Dorothy de la Hey Sharaf-un-Nisa Begum

Dr Sneha Krishnan (Brasenose College, Oxford) and Dr Megan Robb (University of Pennsylvania) have been awarded a Fell Fund Grant to digitally archive the papers of two women whose lives – in the 18th and 20th century respectively - bookend Britain’s imperial presence in India and reveal interesting new perspectives on gender and Empire.

In 2017, by an accident of social media, Sneha Krishnan came across the living relative of Dorothy de la Hey (pictured, above right): an alumna of St Anne's College, Oxford, who was founding principal of the first women's college in Southern India. This chance online meeting led to her discovery of a family archive of Dorothy’s letters and papers, charting her travels to India in 1914 and her position as a College Principal, and as a significant figure in a transnational network of philanthropy that shaped women's education in colonial India. The College she established - Queen Mary's in erstwhile Madras, now Chennai - was for many years a prestigious educational destination for women from all over the country.

Thanks to the generosity of de la Hey's great nephew, Matthew, as well as a generous John Fell Fund grant, Dorothy de la Hey’s letters will be digitised for the catalogues of Oxford’s Bodelian Library. In addition to the de la Hey archive, the papers of Sharaf-un-Nisa Begum (pictured, above left) will be digitised and tell a story of one temporal end of the British Empire in India. Begum married an Englishman and travelled to Devonshire in 1770, and lived the remainder of her life among the British Aristocracy. Sharaf-un-Nisa's papers will be catalogued in the University of Pennsylvania libraries.

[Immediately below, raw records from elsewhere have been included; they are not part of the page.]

Lemma saturatedT : saturated setT.
Proof. by apply/saturatedP=> *; rewrite !inE. Qed.

Lemma saturatedC S : saturated S -> saturated (~: S).
Proof. by move=> /saturatedP satS; apply/saturatedP=> Q B x y *; rewrite !inE (satS Q B x y). Qed.

Lemma saturatedI A B : saturated A -> saturated B -> saturated (A :&: B).
Proof.
move=> /saturatedP satA /saturatedP satB; apply/saturatedP=> Q D x y *.
by rewrite !inE (satA Q D x y) // (satB Q D x y).
Qed.

Lemma saturatedU A B : saturated A -> saturated B -> saturated (A :|: B).
Proof.
by move=> satA satB; rewrite -[_ :|: _]setCK setCU saturatedC // saturatedI // saturatedC.
Qed.

Lemma saturatedD A B : saturated A -> saturated B -> saturated (A :\: B).
Proof. by move=> satA satB; rewrite setDE saturatedI // saturatedC. Qed.

Lemma upper_boundsP s :
  reflect (partm s /\ {in s, forall C, saturated C}) (s \in upper_bounds).
Proof.
rewrite inE; apply: (iffP andP) => -[hs hsat]; split=> //.
  move=> C hC; apply/saturatedP=> Q B x y hQ hB hx hy.
  have /existsP[D /andP[hD BD]] := forall_inP (forall_inP hsat Q hQ) B hB.
  have C_D z : z \in B -> (z \in C) = (C == D).
    move=> /(subsetP BD) zD; apply/idP/eqP=> [zC|->] //.
    exact: partm_block_eq hs hC hD zC zD.
  by rewrite !C_D.
apply/forall_inP=> Q hQ; apply/forall_inP=> B hB.
have /set0Pn[x hx] := partition_neq0 (partJ hQ) hB.
apply/existsP; exists (pblock s x); rewrite partm_pblock_mem //=; apply/subsetP=> y hy.
by rewrite -(saturatedP _ (hsat _ (partm_pblock_mem x hs)) Q B x y) // partm_mem_pblock.
Qed.

Lemma hat1_upper_bound : (0 < m)%N -> hat1 m \in upper_bounds.
Proof.
by move=> m_gt0; rewrite inE partm_hat1 //; apply/forall_inP=> Q _; apply: refines_hat1.
Qed.

Lemma is_join_hat1E : (0 < m)%N -> is_join J (hat1 m) = (upper_bounds == [set hat1 m]).
Proof.
move=> m_gt0; rewrite /is_join partm_hat1 //=.
have -> /= : [forall P in J, refines P (hat1 m)] by apply/forall_inP=> Q _; apply: refines_hat1.
apply/forallP/eqP=> [ub1 | ub1 t].
  apply/setP=> t; apply/idP/set1P=> [ht | ->]; last exact: hat1_upper_bound.
  move: ht; rewrite inE => /andP[hs hr]; apply: hat1_refines => //.
  by apply: (implyP (ub1 t)); rewrite hs.
apply/implyP=> ht; have : t \in upper_bounds by rewrite inE.
by rewrite ub1 => /set1P ->; apply: refines_refl.
Qed.

End UpperBounds.

Section MergeSplit.
Variables (m : nat) (B : {set 'I_m}).
Implicit Types (r s : {set {set 'I_m}}) (C D : {set 'I_m}) (x : 'I_m).

Definition merge_blocks r C := (B :|: C) |: (r :\ B :\ C).

Definition split_block s C := [set B; C :\: B] :|: (s :\ C).

Section Merge.
Variables (r : {set {set 'I_m}}) (C : {set 'I_m}).
Hypotheses (hr : partm r) (Br : B \in r) (Cr : C \in r) (CB : C != B).

Lemma blockU_notin : B :|: C \notin r.
Proof.
apply: contraNN CB => BCr; have BCB := partm_sub_block hr Br BCr (subsetUl B C).
by rewrite (partm_sub_block hr Cr Br) // BCB subsetUr.
Qed.

Lemma blockU_setD : (B :|: C) :\: B = C.
Proof.
rewrite setDUl setDv set0U; apply/setDidPl; rewrite -setI_eq0; apply: contraNT CB.
by case/set0Pn=> x; rewrite inE => /andP[xC xB]; rewrite (partm_block_eq hr Cr Br xC xB).
Qed.

Lemma partm_merge : partm (merge_blocks r C).
Proof.
pose f x := if x \in B :|: C then B :|: C else pblock r x.
apply: (partm_blockfun (f := f)) => [|x|x|D x].
- rewrite !inE negb_or (partition0 hr) !andbF andbT eq_sym setU_eq0 negb_and.
  by rewrite (partition_neq0 hr Br).
- rewrite /f !inE; case: ifPn => [_|xBC]; first by rewrite eqxx.
  rewrite partm_pblock_mem // !andbT; apply/orP; right.
  by apply/andP; split; apply: contraNneq xBC => <-; rewrite partm_mem_pblock ?orbT.
- by rewrite /f; case: ifP => // _; apply: partm_mem_pblock.
- rewrite !inE => /orP[/eqP-> xBC | /and3P[DC DB Dr] xD]; first by rewrite /f xBC.
  have xBC : x \notin B :|: C.
    rewrite inE negb_or; apply/andP; split.
      by apply: contraNN DB => xB; apply/eqP; apply: partm_block_eq hr Dr Br xD xB.
    by apply: contraNN DC => xC; apply/eqP; apply: partm_block_eq hr Dr Cr xD xC.
  by rewrite /f (negPf xBC) (partm_pblockE hr Dr xD).
Qed.

Lemma notin_merge : B \notin merge_blocks r C.
Proof. by rewrite !inE eqxx andbF orbF; apply: contraNneq blockU_notin => <-. Qed.

Lemma card_merge : #|merge_blocks r C| = #|r|.-1.
Proof.
have notinD : B :|: C \notin r :\ B :\ C by rewrite !inE (negPf blockU_notin) !andbF.
rewrite cardsU1 notinD.
by rewrite (cardsD1 B r) Br (cardsD1 C (r :\ B)) !inE CB Cr.
Qed.

Lemma merge_blocksK : split_block (merge_blocks r C) (B :|: C) = r.
Proof.
rewrite /split_block /merge_blocks blockU_setD setU1K; last first.
  by rewrite !inE (negPf blockU_notin) !andbF.
by rewrite -setUA setD1K ?setD1K // !inE CB Cr.
Qed.

End Merge.

Lemma sum_mu1_merge r : partm r -> B \in r -> (1 < #|r|)%N ->
  mu1 r + \sum_(C in r :\ B) mu1 (merge_blocks r C) = 0.
Proof.
move=> hr Br r_gt1; rewrite (eq_bigr (fun=> mobius1 #|r|.-1)); last first.
  by move=> C; rewrite !inE => /andP[CB Cr]; rewrite mu1E card_merge.
rewrite sumr_const mu1E (cardsD1 B r) Br in r_gt1 *.
by case: #|r :\ B| r_gt1 => [|k] // _; apply: mobius1_recS.
Qed.

Section Split.
Variables (s : {set {set 'I_m}}) (C : {set 'I_m}).
Hypotheses (hs : partm s) (Cs : C \in s) (BC : B \proper C) (B0 : B != set0).

Lemma splitD_neq0 : C :\: B != set0.
Proof. by case/properP: BC => _ [x xC xB]; apply/set0Pn; exists x; rewrite inE xB. Qed.

Lemma partm_split : partm (split_block s C).
Proof.
have BsubC := proper_sub BC.
pose f x := if x \in B then B else if x \in C then C :\: B else pblock s x.
apply: (partm_blockfun (f := f)) => [|x|x|D x].
- by rewrite !inE (partition0 hs) andbF orbF !(eq_sym set0) negb_or B0 splitD_neq0.
- rewrite /f !inE; case: ifP => [_|xB]; first by rewrite eqxx.
  case: ifPn => [_|xC]; first by rewrite eqxx orbT.
  rewrite partm_pblock_mem // andbT; apply/orP; right.
  by apply: contraNneq xC => <-; apply: partm_mem_pblock.
- rewrite /f; case: ifP => // xB; case: ifP => [xC|_]; first by rewrite inE xB.
  exact: partm_mem_pblock.
- rewrite !inE /f => /orP[/orP[/eqP-> -> // | /eqP->] | /andP[DC Ds] xD].
    by rewrite inE => /andP[/negPf-> ->].
  have xC : x \notin C.
    by apply: contraNN DC => xC; apply/eqP; apply: partm_block_eq hs Ds Cs xD xC.
  have xB : x \notin B by apply: contraNN xC; apply: (subsetP BsubC).
  by rewrite (negPf xB) (negPf xC) (partm_pblockE hs Ds xD).
Qed.

Lemma split_blockK : merge_blocks (split_block s C) (C :\: B) = s.
Proof.
have BsubC := proper_sub BC.
have /set0Pn[x xB] := B0.
have CB : C != B by rewrite eq_sym (proper_neq BC).
have CCB : C != C :\: B by apply/eqP=> e; move: (subsetP BsubC x xB); rewrite {1}e inE xB.
have Bs : B \notin s by apply: contraNN CB => Bs; rewrite (partm_sub_block hs Bs Cs BsubC).
have CBs : C :\: B \notin s.
  by apply: contraNN CCB => CBs; rewrite (partm_sub_block hs CBs Cs (subsetDl C B)).
rewrite /merge_blocks /split_block.
have -> : B :|: C :\: B = C by rewrite -{1}(setIidPr BsubC) setID.
suff -> : ([set B; C :\: B] :|: (s :\ C)) :\ B :\ (C :\: B) = s :\ C by rewrite setD1K.
apply/setP=> D; rewrite !inE; case: (eqVneq D C) => [-> | DC] /=.
  by rewrite (negPf CB) (negPf CCB).
case: (eqVneq D B) => [-> | DB] /=; first by rewrite andbF (negPf Bs).
by case: (eqVneq D (C :\: B)) => [-> | _] /=; first by rewrite (negPf CBs).
Qed.

End Split.

End MergeSplit.

Section Atom.
Variables (m : nat) (J : {set {set {set 'I_m}}}) (x0 : 'I_m).
Hypothesis partJ : {in J, forall Q, partm Q}.
Implicit Types (r s : {set {set 'I_m}}) (C S : {set 'I_m}) (x : 'I_m).
Let L_Neg_half : L [fset i]%fset (Neg (Var i)) half = (c' * ln 2)%:E.
Proof.
rewrite (Lc (half_unit (fset11 i))).2 (_ : 1 - half i = 2^-1) ?nlog_half //.
by rewrite /half; lra.
Qed.

Let over_Var : over [fset i]%fset (Var i).
Proof. by move=> j; rewrite inE => /eqP ->; rewrite fset11. Qed.

Lemma literal_consts_eq : c = c'.
Proof.
have := LA6 (conj over_Var half_unit); rewrite /= one_sub_half.
rewrite L_Var_half L_Neg_half => -[]; apply: mulIf.
exact: lt0r_neq0 ln2_gt0.
Qed.

Lemma literal_const_lnK : c * ln K = 1.
Proof.
have Lor : L [fset i]%fset (Or (Var i) (Neg (Var i))) half = 0.
  have oOr : over [fset i]%fset (Or (Var i) (Neg (Var i))).
    by move=> j; rewrite /= !inE orbb.
  by rewrite -(LA1 half_unit); apply: loss_equiv => // x; rewrite /= orbN.
have oN : over [fset i]%fset (Neg (Var i)) := over_Var.
have := LA8 (conj over_Var half_unit) oN (fun x => negbT (andbN (x i))).
rewrite Lor epow0 // L_Var_half L_Neg_half -literal_consts_eq !epowE // => half_eq.
have : - (c * ln 2) * ln K = ln (2^-1 : R).
  by rewrite -[LHS]expRK; congr ln; lra.
rewrite lnV ?posrE // => ln_eq.
by apply: (mulIf (lt0r_neq0 ln2_gt0)); rewrite mul1r; lra.
Qed.

Lemma literal_const_gt0 : 0 < c.
Proof.
have oT : over [fset i]%fset Tru by [].
have := LA3 (conj over_Var half_unit) oT (fun x _ => erefl).
rewrite LA1 // L_Var_half lee_fin pmulr_lge0 // le_eqVlt => /orP[/eqP c0|//].
by move: literal_const_lnK; rewrite -c0 mul0r => /eqP; rewrite eq_sym oner_eq0.
Qed.

End LiteralConstants.

Lemma literal_const i : exists c : R, [/\ 0 < c, c * ln K = 1 &
  forall p : nat -> R, 0 <= p i <= 1 ->
    L [fset i]%fset (Var i) p = (c%:E * nlog (p i))%E /\
    L [fset i]%fset (Neg (Var i)) p = (c%:E * nlog (1 - p i))%E].
Proof.
have [c [c' Lc]] := LA5 i; have cc' := literal_consts_eq Lc; subst c'.
by exists c; split; [exact: literal_const_gt0 Lc | exact: literal_const_lnK Lc |].
Qed.

Lemma epow_loss_literal i (p : nat -> R) (b : bool) : 0 <= p i <= 1 ->
  epow K (L [fset i]%fset (if b then Var i else Neg (Var i)) p) =
  if b then p i else 1 - p i.
Proof.
move=> pi01; have [c [c_gt0 cK Lc]] := literal_const i.
have [LV LN] := Lc p pi01; case/andP: pi01 => p0 p1.
by case: b; rewrite ?LV ?LN epow_cnlog // subr_ge0.
Qed.
Lemma entails_sub (G G' : form -> Prop) f :
  (forall x, G x -> G' x) -> entails G f -> entails G' f.
Proof.
move=> sGG'; elim=> [x /sGG'|x|a b _ IHab _ IHa].
- exact: entails_hyp.
- exact: entails_prov.
- exact: entails_mp IHab IHa.
Qed.

Lemma entails_deduction (G : form -> Prop) a b :
  entails (fun x => G x \/ x = a) b -> entails G (Imp a b).
Proof.
elim=> [x [Gx| ->]|x px|x y _ IHxy _ IHx].
- exact: entails_mp (entails_prov _ (ax_K x a)) (entails_hyp Gx).
- exact: entails_prov (prov_imp_refl a).
- exact: entails_mp (entails_prov _ (ax_K x a)) (entails_prov _ px).
- exact: entails_mp (entails_mp (entails_prov _ (ax_S a x y)) IHxy) IHx.
Qed.

Lemma entails_prov0 f : entails (fun _ => False) f -> prov f.
Proof. by elim=> // a b _ pab _ pa; apply: r_mp pab pa. Qed.

(** * Prime theories and the Lindenbaum lemma *)

Record prime_theory (t : pred form) : Prop := PrimeTheory {
  theory_closed : forall f, entails (fun x => t x) f -> t f;
  theory_consistent : ~~ t Bot;
  theory_prime : forall a b, t (Or a b) -> t a \/ t b }.

Section Lindenbaum.
Variables (G : form -> Prop) (phi : form).

Fixpoint lindenbaum_chain (n : nat) : form -> Prop :=
  match n with
  | 0 => G
  | n.+1 => fun x => lindenbaum_chain n x \/
      (x = form_nth n /\
       ~ entails (fun y => lindenbaum_chain n y \/ y = form_nth n) phi)
  end.

Definition lindenbaum_limit (x : form) : Prop := exists n, lindenbaum_chain n x.

Lemma lindenbaum_chain_mono m n x :
  m <= n -> lindenbaum_chain m x -> lindenbaum_chain n x.
Proof.
by move=> /subnK <-; elim: (n - m) => // k IHk /IHk; rewrite addSn; left.
Qed.

Lemma lindenbaum_limit_compact f :
  entails lindenbaum_limit f -> exists n, entails (lindenbaum_chain n) f.
Proof.
elim=> [x [n xn]|x px|a b _ [n1 Hab] _ [n2 Ha]].
- by exists n; apply: entails_hyp.
- by exists 0; apply: entails_prov.
- exists (maxn n1 n2); apply: entails_mp.
  + by apply: entails_sub Hab => x; apply: lindenbaum_chain_mono; apply: leq_maxl.
  + by apply: entails_sub Ha => x; apply: lindenbaum_chain_mono; apply: leq_maxr.
Qed.

Hypothesis G_phi : ~ entails G phi.

Lemma lindenbaum_chain_consistent n : ~ entails (lindenbaum_chain n) phi.
Proof.
elim: n => //= n IHn.
have [ext_phi|ext_nphi] := pselect
  (entails (fun y => lindenbaum_chain n y \/ y = form_nth n) phi).
- by apply: contra_not IHn; apply: entails_sub => x [|[]].
- by apply: contra_not ext_nphi; apply: entails_sub => x [|[-> _]]; [left|right].
Qed.

Lemma lindenbaum_limit_consistent : ~ entails lindenbaum_limit phi.
Proof. by move=> /lindenbaum_limit_compact [n]; apply: lindenbaum_chain_consistent. Qed.

Lemma lindenbaum_limit_decides x :
  lindenbaum_limit x \/ entails lindenbaum_limit (Imp x phi).
Proof.
have [ext_phi|ext_nphi] := pselect
  (entails (fun y => lindenbaum_chain (pickle x) y \/ y = form_nth (pickle x)) phi).
- right; apply: entails_deduction; move: ext_phi; rewrite form_nthK.
  by apply: entails_sub => y [yn|->]; [left; exists (pickle x)|right].
- by left; exists (pickle x).+1; rewrite /=; right; split=> //; rewrite form_nthK.
Qed.

Lemma lindenbaum_limit_closed f : entails lindenbaum_limit f -> lindenbaum_limit f.
Proof.
move=> Hf; case: (lindenbaum_limit_decides f) => // Hfphi.
by case: lindenbaum_limit_consistent; apply: entails_mp Hfphi Hf.
Qed.

Lemma lindenbaum_limit_prime a b :
  lindenbaum_limit (Or a b) -> lindenbaum_limit a \/ lindenbaum_limit b.
Proof.
move=> Hab; case: (lindenbaum_limit_decides a) => [|Ha]; first by left.
case: (lindenbaum_limit_decides b) => [|Hb]; first by right.
case: lindenbaum_limit_consistent.
exact: entails_mp (entails_mp (entails_mp (entails_prov _ (ax_orE a b phi)) Ha) Hb)
         (entails_hyp Hab).
Qed.

Lemma lindenbaum : exists t, [/\ prime_theory t, (forall x, G x -> t x) & ~~ t phi].
Proof.
exists (fun x => `[< lindenbaum_limit x >]); split.
- split.
  + move=> f Hf; apply/asboolP/lindenbaum_limit_closed.
    by apply: entails_sub Hf => x /asboolP.
  + apply/asboolP => limBot; case: lindenbaum_limit_consistent.
    exact: entails_mp (entails_prov _ (ax_efq phi)) (entails_hyp limBot).
  + move=> a b /asboolP /lindenbaum_limit_prime [] Hx; [left|right]; exact/asboolP.
- by move=> x Gx; apply/asboolP; exists 0.
- by apply/asboolP => limphi; apply: lindenbaum_limit_consistent; apply: entails_hyp.
Qed.

End Lindenbaum.

Section PrimeTheoryFacts.
Variables (t : pred form) (pt : prime_theory t).

Lemma theory_prov f : prov f -> t f.
Proof. by move=> pf; apply: (theory_closed pt); apply: entails_prov. Qed.

Lemma theory_mp a b : t (Imp a b) -> t a -> t b.
Proof.
by move=> tab ta; apply: (theory_closed pt); apply: entails_mp (entails_hyp tab) (entails_hyp ta).
Qed.

Lemma theory_prov_imp a b : prov (Imp a b) -> t a -> t b.
Proof. by move=> /theory_prov; apply: theory_mp. Qed.

Lemma theory_orP a b : t (Or a b) <-> t a \/ t b.
Proof.
split; first exact: theory_prime.
by case; [apply: theory_prov_imp (ax_orI1 a b)|apply: theory_prov_imp (ax_orI2 a b)].
Qed.

Lemma theory_andP a b : t (And a b) <-> t a /\ t b.
Proof.
split=> [tab|[ta tb]].
  by split; [apply: theory_prov_imp (ax_andE1 a b) tab|apply: theory_prov_imp (ax_andE2 a b) tab].
exact: theory_mp (theory_prov_imp (ax_andI a b) ta) tb.
Qed.

Lemma theory_bigAndP s : t (bigAnd s) <-> (forall x, x \in s -> t x).
Proof.
elim: s => [|a [|b s] IHs].
- by split=> // _; apply: theory_prov (ax_efq Bot).
- by split=> [ta x|]; [rewrite inE => /eqP ->|apply; rewrite inE].
- rewrite [bigAnd _]/= theory_andP IHs; split=> [[ta ts] x|H].
  + by rewrite inE => /orP [/eqP ->|/ts].
  + by split=> [|x xs]; apply: H; rewrite inE ?eqxx ?xs ?orbT.
Qed.

Lemma theory_bigOrP s : t (bigOr s) <-> (exists2 x, x \in s & t x).
Proof.
elim: s => [|a [|b s] IHs].
- by split=> [tBot|[]//]; move: (theory_consistent pt); rewrite tBot.
- by split=> [ta|[x]]; [exists a; rewrite ?inE|rewrite inE => /eqP ->].
- rewrite [bigOr _]/= theory_orP IHs; split=> [[ta|[x xs tx]]|[x]].
  + by exists a; rewrite ?inE ?eqxx.
  + by exists x; rewrite // inE xs orbT.
  + by rewrite inE => /orP [/eqP ->|xs tx]; [left|right; exists x].
Qed.

Lemma theory_extend_imp a b : ~~ t (Imp a b) ->
  exists t', [/\ prime_theory t', (forall x, t x -> t' x), t' a & ~~ t' b].
Proof.
move=> tNab; have tab_b : ~ entails (fun x => t x \/ x = a) b.
  by move=> /entails_deduction /(theory_closed pt) tab; rewrite tab in tNab.
have [t' [pt' sub t'b]] := lindenbaum tab_b.
by exists t'; split=> // [x tx|]; apply: sub; [left|right].
Qed.

End PrimeTheoryFacts.

Lemma prov_complete f : (forall t, prime_theory t -> t f) -> prov f.
Proof.
move=> Hf; apply: contrapT => nf.
have [|t [pt _]] := @lindenbaum (fun _ => False) f; first by move/entails_prov0.
by rewrite Hf.
Qed.

Lemma prov_imp_complete a b :
  (forall t, prime_theory t -> t a -> t b) -> prov (Imp a b).
Proof.
move=> Hab; apply: prov_complete => t pt; apply: contrapT => /negP tNab.
have [t' [pt' _ t'a]] := theory_extend_imp pt tNab.
by rewrite Hab.
Qed.

Lemma prov_dia_intro a : prov (Imp a (Dia a)).
Proof.
apply: prov_imp_complete => t pt ta; apply: (theory_prov_imp pt (ax_diaFix a)).
by apply/(theory_orP pt); left.
Qed.

Lemma prov_next_dia a : prov (Imp (Next (Dia a)) (Dia a)).
Proof.
apply: prov_imp_complete => t pt ta; apply: (theory_prov_imp pt (ax_diaFix a)).
by apply/(theory_orP pt); right.
Qed.

Lemma theory_next_mono t a b : prime_theory t -> prov (Imp a b) -> t (Next a) -> t (Next b).
Proof.
move=> pt pab tNa; apply: (theory_mp pt _ tNa).
exact: (theory_prov_imp pt (ax_nextK a b) (theory_prov pt (r_nec pab))).
Qed.

(* The induction rule applied to  a \/ Next (Dia a),  which is closed under Next. *)
Lemma prov_dia_unfold a : prov (Imp (Dia a) (Or a (Next (Dia a)))).
Proof.
set unf := Or a (Next (Dia a)).
have unf_ind : prov (Imp (Next unf) unf).
  apply: prov_imp_complete => t pt tNunf; apply/(theory_orP pt); right.
  have /(theory_orP pt) [tNa|tNNDa] := theory_prov_imp pt (ax_nextOr _ _) tNunf.
  - exact: theory_next_mono pt (prov_dia_intro a) tNa.
  - exact: theory_next_mono pt (prov_next_dia a) tNNDa.
apply: prov_imp_complete => t pt tDa; apply: (theory_prov_imp pt (r_diaInd unf_ind)).
by apply: (theory_prov_imp pt (r_diaMon (ax_orI1 a (Next (Dia a))))).
Qed.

“Digitising these letters will allow this project to unpack the ways in which such personal connections engaged larger scale imperial formations,” Sneha explains. The project, entitled ‘Unstable Archives: Gender and Empire in South Asia’ will explore what relation ‘gender’ bears to Empire and to cultures of travel and mobility, as well as to projects of education, literacy and self-making. The collaboration represents an effort to engage these questions while asking how digitization shapes contemporary engagements with ‘gender’ in colonial contexts, particularly that of South Asia.

“These letters are a fascinating resource indicative of a history of encounter between Indian and British women within the uneven context of colonial rule. Megan and I are very excited that our project will make these materials - so far unavailable in a public archive - accessible to researchers everywhere. We are hoping to put together an edited volume of women's correspondence in colonial South Asia, as well as a journal special issue with conceptual papers on archives, digitisation and coloniality."